The PNC Park fireworks during Wednesday night’s 4-0 wild-card win over the Pittsburgh Pirates will be nothing compared to the Cubs facing the Cardinals in their first playoff matchup ever.

“We’ll deal with the Cardinals tomorrow,” Theo Epstein said, completely soaked inside a raucous visiting clubhouse where cigar smoke hung in the air, champagne sprayed from all directions and loud rap music blasted from the sound system. “It’s going to be incredible.”

The president of baseball operations had grown up on the Boston Red Sox and New York Yankees and taken down The Evil Empire before accepting the challenge in October 2011. The mandate was clear: Finally catch the Cardinals and build a World Series winner after more than a century of disappointments.

[MORE: On to the next one - Schwarber, Cubs dismantle Pirates in wild-card game]

By Year 4, Epstein’s front office assembled a 97-win team that didn’t fear anyone but still finished third in the brutal Central. It’s not as glamorous or as media-centric as the old American League East, but the divisional era had never before seen baseball’s top three teams play in the same division.

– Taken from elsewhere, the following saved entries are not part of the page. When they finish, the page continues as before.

Lemma rep_proj_onto p : dsum_target e alpha H R p ->
  exists2 a, fixed_by e alpha H a & rep_proj a = p.
Proof.
case: p => p1 p2 [p1_inv p1_out p2_compl].
have a_ex y : exists a, y \in R ->
    comp_inv e alpha H (comp_of H y) a /\ a * E y = p1 y.
  have [yR|yR] := boolP (y \in R); last by exists 0.
  by have [a a_inv ay] := loc_inv_extend yR (p1_inv y yR); exists a.
have [a_ a_ext] := functional_choice _ a_ex.
have a_inv y : y \in R -> comp_inv e alpha H (comp_of H y) (a_ y) by case/a_ext.
have a_block y : y \in R -> inIdeal (blockid e (comp_of H y)) (a_ y) by case/a_inv.
exists (\sum_(y in R) a_ y + p2); first exact: fixed_by_decomp.
rewrite /rep_proj (decomp_compl UPA SH a_block p2_compl); congr pair.
apply: functional_extensionality => y; have [yR|/p1_out //] := boolP (y \in R).
have yy := comp_of_refl (reps_sobj RH yR).
rewrite (decomp_mul_e UPA SH RH a_block p2_compl yR yy); last by rewrite (e_idem UPA).
by case: (a_ext y yR).
Qed.

End Isomorphism.

Theorem corollary3p4 (G : groupoid) (S : pzRingType)
  (e : gMor G -> S) (alpha : gMor G -> S -> S)
  (H : {set gMor G}) (R : {set gObj G}) :
  gconnected G ->
  unital_partial_action e alpha ->
  group_type e ->
  subgroupoid H ->
  group_type_sub e H ->
  representatives H R ->
  (* S^{alpha_H} = (\bigoplus_j S_j^{alpha_{H_j}}) + S^c_H ... *)
  ((forall a : S, fixed_by e alpha H a <->
      exists (a_ : gObj G -> S) (c : S),
        [/\ (forall y, y \in R -> comp_inv e alpha H (comp_of H y) (a_ y)),
            compl_part e H c &
            a = \sum_(y in R) a_ y + c]) /\
   (* ... and the sum is direct *)
   (forall (a_ b_ : gObj G -> S) (c d : S),
      (forall y, y \in R -> inIdeal (blockid e (comp_of H y)) (a_ y)) ->
      (forall y, y \in R -> inIdeal (blockid e (comp_of H y)) (b_ y)) ->
      compl_part e H c -> compl_part e H d ->
      \sum_(y in R) a_ y + c = \sum_(y in R) b_ y + d ->
      (forall y, y \in R -> a_ y = b_ y) /\ c = d)) /\
  (* S^{alpha_H} is ring isomorphic to (\bigoplus_j S_{y_j}^{alpha_{H_j(y_j)}}) + S^c_H *)
  (exists phi : S -> (gObj G -> S) * S,
    [/\ (forall a, fixed_by e alpha H a -> dsum_target e alpha H R (phi a)),
        (forall a b, fixed_by e alpha H a -> fixed_by e alpha H b ->
           phi a = phi b -> a = b),
        (forall p, dsum_target e alpha H R p ->
           exists a, fixed_by e alpha H a /\ phi a = p),
        (forall a b, fixed_by e alpha H a -> fixed_by e alpha H b ->
           phi (a + b) = dsum_add (phi a) (phi b) /\
           phi (a * b) = dsum_mul (phi a) (phi b)) &
        phi 1 = dsum_one e H R]).
Proof.
move=> _ UPA _ SH GTS RH; split; first split.
- exact: (fixed_byP UPA SH RH).
- exact: (decomp_inj UPA SH RH).
exists (rep_proj e H R); split.
- exact: rep_proj_target.
- exact: rep_proj_inj.
- by move=> p /(rep_proj_onto UPA SH GTS RH) [a]; exists a.
- by move=> a b _ _; rewrite rep_projD (rep_projM UPA).
- exact: rep_proj1.
Qed.
(* Layer-cake summation: a weight vector r with values in [0, th] supported on
   D is a nonnegative combination of indicators of level sets, each of which
   obeys subset_bound; the cost per unit of mass is B / s, plus B s / 4 per
   unit of height. *)
Lemma layer_cake_bound (r : T -> R) (th : R) :
  0 <= th -> (forall i, 0 <= r i <= th) -> (forall i, i \notin D -> r i = 0) ->
  \sum_i f i * r i <= B * ((\sum_i r i) / s + s * th / 4).
Proof.
move: {2}#|[set i | r i != 0]| (leqnn #|[set i | r i != 0]|) => m.
elim: m r th => [|m IH] r th supp_m th_ge0 r_bnd r_D;
  set Sp := [set i | r i != 0] in supp_m *;
  have [/(layer_cake_zero th_ge0)//|[j0 j0_Sp]] := set_0Vmem Sp.
  by move: supp_m; rewrite leqn0 => /eqP /cards0_eq Sp0; move: j0_Sp; rewrite Sp0 inE.
(* peel off the lowest nonzero level t of r, spread over the whole support *)
case: (arg_minP r j0_Sp) => j j_Sp j_min; have {}j_Sp : j \in Sp := j_Sp.
set t := r j.
have t_gt0 : 0 < t by move: j_Sp; rewrite /Sp inE lt_def => ->; case/andP: (r_bnd j).
have t_le : t <= th by case/andP: (r_bnd j).
have Sp_D : Sp \subset D.
  by apply/subsetP => i; rewrite /Sp inE; apply: contraR => /r_D ->; rewrite eqxx.
pose r' i := r i - t * (i \in Sp)%:R.
have r'_bnd i : 0 <= r' i <= th - t.
  rewrite /r'; case: (boolP (i \in Sp)) => i_Sp; rewrite ?mulr1 ?mulr0 ?subr0.
    by have := j_min i i_Sp; case/andP: (r_bnd i); rewrite /t => *; apply/andP; lra.
  by move: i_Sp; rewrite /Sp inE negbK => /eqP ->; apply/andP; lra.
have r'_D i : i \notin D -> r' i = 0.
  move=> i_D; rewrite /r' r_D //; case: (boolP (i \in Sp)) => i_Sp; last by rewrite mulr0 subr0.
  by move/subsetP: Sp_D => /(_ i i_Sp); rewrite (negbTE i_D).
have supp'_m : (#|[set i | r' i != 0%R]| <= m)%N.
  have sub : [set i | r' i != 0] \subset Sp :\ j.
    apply/subsetP => i; rewrite inE /r' in_setD1.
    case: (boolP (i \in Sp)) => i_Sp; rewrite ?mulr1 ?mulr0 ?subr0 => ri.
      by rewrite andbT; apply: contraNneq ri => ->; rewrite subrr.
    by move: i_Sp; rewrite /Sp inE ri.
  by have := subset_leq_card sub; move: supp_m; rewrite (cardsD1 j Sp) j_Sp; lia.
have sum_fr : \sum_i f i * r i = \sum_i f i * r' i + t * \sum_(i in Sp) f i.
  rewrite [X in _ = _ + t * X]big_mkcond /= mulr_sumr -big_split /=.
  by apply: eq_bigr => i _; rewrite /r'; case: (i \in Sp); rewrite ?mulr1 ?mulr0; ring.
have sum_r : \sum_i r i = \sum_i r' i + t * #|Sp|%:R.
  rewrite -sum1_card natr_sum mulr_sumr [X in _ = _ + X]big_mkcond /= -big_split /=.
  by apply: eq_bigr => i _; rewrite /r'; case: (i \in Sp); rewrite ?mulr1 ?mulr0; ring.
have -> : B * ((\sum_i r i) / s + s * th / 4) =
    B * ((\sum_i r' i) / s + s * (th - t) / 4) + t * (B * (#|Sp|%:R / s + s / 4)).
  by rewrite sum_r; field; rewrite gt_eqF.
rewrite sum_fr lerD ?IH ?subr_ge0 //.
by rewrite ler_wpM2l ?subset_bound // ltW.
Qed.

End LayerCake.

Section RealClosedFacts.
Variable R : rcfType.

Lemma sqrt_le_amgm (e s : R) : 0 <= e -> 0 < s -> Num.sqrt e <= e / s + s / 4.
Proof.
move=> e_ge0 s_gt0; have sq_e : Num.sqrt e ^+ 2 = e by rewrite sqr_sqrtr.
have -> : e / s + s / 4 = Num.sqrt e + (2 * Num.sqrt e - s) ^+ 2 / (4 * s).
  by rewrite -{1}sq_e; field; rewrite gt_eqF.
by rewrite lerDl divr_ge0 ?sqr_ge0 // mulr_ge0 // ltW.
Qed.

(* A set function bounded by B sqrt |E| on sets of size at most k = s^2 is
   bounded by B (|E| / s + s / 4) on all sets: small sets by AM-GM, large sets
   by splitting off k elements at a time. *)
Lemma subset_sum_bound (T : finType) (D : {set T}) (f : T -> R) (k : nat) (B s : R) :
  0 < s -> s ^+ 2 = k%:R -> 0 <= B ->
  (forall E : {set T}, E \subset D -> (#|E| <= k)%N ->
     \sum_(i in E) f i <= B * Num.sqrt #|E|%:R) ->
  forall E : {set T}, E \subset D -> \sum_(i in E) f i <= B * (#|E|%:R / s + s / 4).
Proof.
move=> s_gt0 s2k B_ge0 small_bound E.
have k_gt0 : (0 < k)%N by rewrite -(ltr0n R) -s2k exprn_gt0.
move: {2}#|E| (leqnn #|E|) => m; elim: m E => [|m IH] E E_m E_D.
  apply: le_trans (small_bound _ E_D _) _; first by move: E_m; rewrite leqn0 => /eqP ->.
  by rewrite ler_wpM2l // sqrt_le_amgm.
have [E_k|k_E] := leqP #|E| k.
  by apply: le_trans (small_bound _ E_D E_k) _; rewrite ler_wpM2l // sqrt_le_amgm.
have [F F_E F_k] := subset_of_card (ltnW k_E).
have card_EF : #|E :\: F| = (#|E| - k)%N by rewrite cardsD (setIidPr F_E) F_k.
have sqrt_k : Num.sqrt k%:R = k%:R / s.
  by rewrite -s2k sqrtr_sqr ger0_norm ?expr2 ?mulfK ?gt_eqF // ltW.
have bound_F := small_bound F (subset_trans F_E E_D) (eq_leq F_k).
have EF_m : (#|E :\: F| <= m)%N by rewrite card_EF; lia.
have bound_EF := IH (E :\: F) EF_m (subset_trans (subsetDl _ _) E_D).
rewrite F_k sqrt_k in bound_F; rewrite card_EF natrB ?(ltnW k_E) // in bound_EF.
rewrite (big_setID F) /= (setIidPr F_E).
have -> : B * (#|E|%:R / s + s / 4) =
    B * (k%:R / s) + B * ((#|E|%:R - k%:R) / s + s / 4) by field; rewrite gt_eqF.
exact: lerD.
Qed.
(* Let $\Sigma$ be a finite alphabet. (1) For any $\lambda\in[0,1]$ there is a quantum automaton $\mathcal{A}$ over $\Sigma$ such that $f^{\mathrm{ND}}_{\mathcal{A}}(w)=\lambda$ for all $w\in\Sigma^\omega$. (2) For any quantum automaton $\mathcal{A}$ over $\Sigma$ and $\lambda\in[0,1]$ there is a quantum automaton $\mathcal{B}$ over $\Sigma$ with $f^{\mathrm{ND}}_{\mathcal{B}}(w)=\lambda f^{\mathrm{ND}}_{\mathcal{A}}(w)$ for all $w\in\Sigma^\omega$. (3) For any quantum automaton $\mathcal{A}$ over $\Sigma$ and $\lambda\in[0,1]$ there is a quantum automaton $\mathcal{B}$ over $\Sigma$ with $f^{\mathrm{ND}}_{\mathcal{B}}(w)=\lambda f^{\mathrm{ND}}_{\mathcal{A}}(w)+(1-\lambda)$ for all $w\in\Sigma^\omega$.
   Context: A quantum automaton is a tuple $\mathcal{A}=(\mathcal{H},|s_0\rangle,\Sigma,\{U_\sigma:\sigma\in\Sigma\},F)$ where $\mathcal{H}$ is a finite-dimensional complex Hilbert space, $|s_0\rangle$ a unit vector, $\Sigma$ a finite alphabet, each $U_\sigma$ unitary, and $F$ a subspace. For $w=\sigma_1\sigma_2\cdots\in\Sigma^\omega$ the non-disturbing run is $|s_n\rangle=U_{\sigma_n}\cdots U_{\sigma_1}|s_0\rangle$ and $f^{\mathrm{ND}}_{\mathcal{A}}(w)=\sup_{|\psi\rangle}\sup_{\{n_i\}}\inf_{i\ge1}|\langle\psi|s_{n_i}\rangle|^2$ over unit $|\psi\rangle\in F$ and strictly increasing sequences $0\le n_1<n_2<\cdots$. *)

From HB Require Import structures.
From mathcomp Require Import all_boot all_order all_algebra.
From mathcomp Require Import all_classical all_reals.
From mathcomp.real_closed Require Import complex.
Set Implicit Arguments. Unset Strict Implicit. Unset Printing Implicit Defensive.
Import Order.TTheory GRing.Theory Num.Theory.
Local Open Scope ring_scope.
Local Open Scope classical_set_scope.

Section QA.
Variable R : realType.
Local Notation C := (R[i]).

Definition sqmod (z : C) : R := (@complex.Re R z) ^+ 2 + (@complex.Im R z) ^+ 2.

Definition adjmx m n (A : 'M[C]_(m, n)) : 'M[C]_(n, m) := (map_mx (@conjc R) A)^T.

Definition inner d (psi s : 'cV[C]_d) : C := (adjmx psi *m s) 0 0.

Definition unit_vec d (s : 'cV[C]_d) : Prop := inner s s = 1.

Definition unitary d (U : 'M[C]_d) : Prop := adjmx U *m U = 1%:M.

(* A quantum automaton (H = C^qdim, |s0>, Sigma, {U_sigma}, F);
   the subspace F is the row space of the matrix qF, i.e. a column vector
   psi lies in F iff (psi^T <= qF)%MS. *)
Record qaut (Sigma : finType) := QAut {
  qdim : nat;
  qs0 : 'cV[C]_qdim;
  qU : Sigma -> 'M[C]_qdim;
  qF : 'M[C]_qdim;
  qs0_unit : unit_vec qs0;
  qU_unitary : forall a, unitary (qU a)
}.

Definition in_subspace d (F : 'M[C]_d) (psi : 'cV[C]_d) : bool := (psi^T <= F)%MS.

(* infinite words w = sigma_1 sigma_2 ... are maps nat -> Sigma, w 0 = sigma_1 *)
Fixpoint run (Sigma : finType) (A : qaut Sigma) (w : nat -> Sigma) (n : nat)
  : 'cV[C]_(qdim A) :=
  match n with
  | 0 => qs0 A
  | n'.+1 => qU A (w n') *m run A w n'
  end.

(* f^ND_A(w) = sup_{psi unit in F} sup_{n_1 < n_2 < ...} inf_{i >= 1} |<psi|s_{n_i}>|^2;
   the sequence (n_i)_{i>=1} is encoded as ns : nat -> nat with ns k = n_(k+1). *)
Definition fND (Sigma : finType) (A : qaut Sigma) (w : nat -> Sigma) : R :=
  sup [set x : R | exists (psi : 'cV[C]_(qdim A)) (ns : nat -> nat),
        [/\ unit_vec psi, in_subspace (qF A) psi,
            (forall k, (ns k < ns k.+1)%N) &
            x = inf [set sqmod (inner psi (run A w (ns k))) | k in [set: nat]]]].

End QA.

From mathcomp Require Import all_boot all_order all_algebra.
From mathcomp Require Import all_classical all_reals.
From mathcomp.real_closed Require Import complex.
From mathcomp Require Import normedtype sequences.
From mathcomp Require Import ring lra.
Import Order.TTheory GRing.Theory Num.Theory numFieldNormedType.Exports.

(* Pad A with one extra coordinate that every letter fixes, put amplitude
   sqrt(lam) on the initial state of A and sqrt(1 - lam) on the new coordinate,
   and accept either F or F extended by the new coordinate.
   In the first case every overlap <psi|s_n> is scaled by sqrt(lam), so f^ND
   is scaled by lam.  In the second, a unit vector (p, q) has overlap
   sqrt(lam) <p|s_n> + q^* sqrt(1 - lam); the triangle and Cauchy-Schwarz
   inequalities bound its squared modulus by lam |<p/|p| | s_n>|^2 + 1 - lam.
   Conversely, if x = inf_k |<psi|s_(n_k)>|^2, Bolzano-Weierstrass gives a
   subsequence along which <psi|s_(n_k)> has almost constant phase; aligning
   q with that phase and weighting psi and q optimally comes within eps of
   lam x + 1 - lam.  Part (1) is part (3) with weight 1 - lam applied to an
   automaton whose accepting subspace is zero. *)

Set Implicit Arguments. Unset Strict Implicit. Unset Printing Implicit Defensive.
Local Open Scope ring_scope.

“We’ve had a little magic going all year long,” Epstein said. “It just felt with all of our being like we deserved a nice little run here in October. Congratulations to the Pirates on a great regular season. They have every right to feel like they should be going on, too. But only one of us could.”

Jon Lester — the $155 million lefty the Cubs signed last winter to help them get to October and pitch in big moments — will start Game 1 of this best-of-five series on Friday at Busch Stadium.

But Lester’s No. 1 priority late Wednesday night was making sure Pearl Jam frontman Eddie Vedder got hit with enough Korbel: “It burns, don’t it?”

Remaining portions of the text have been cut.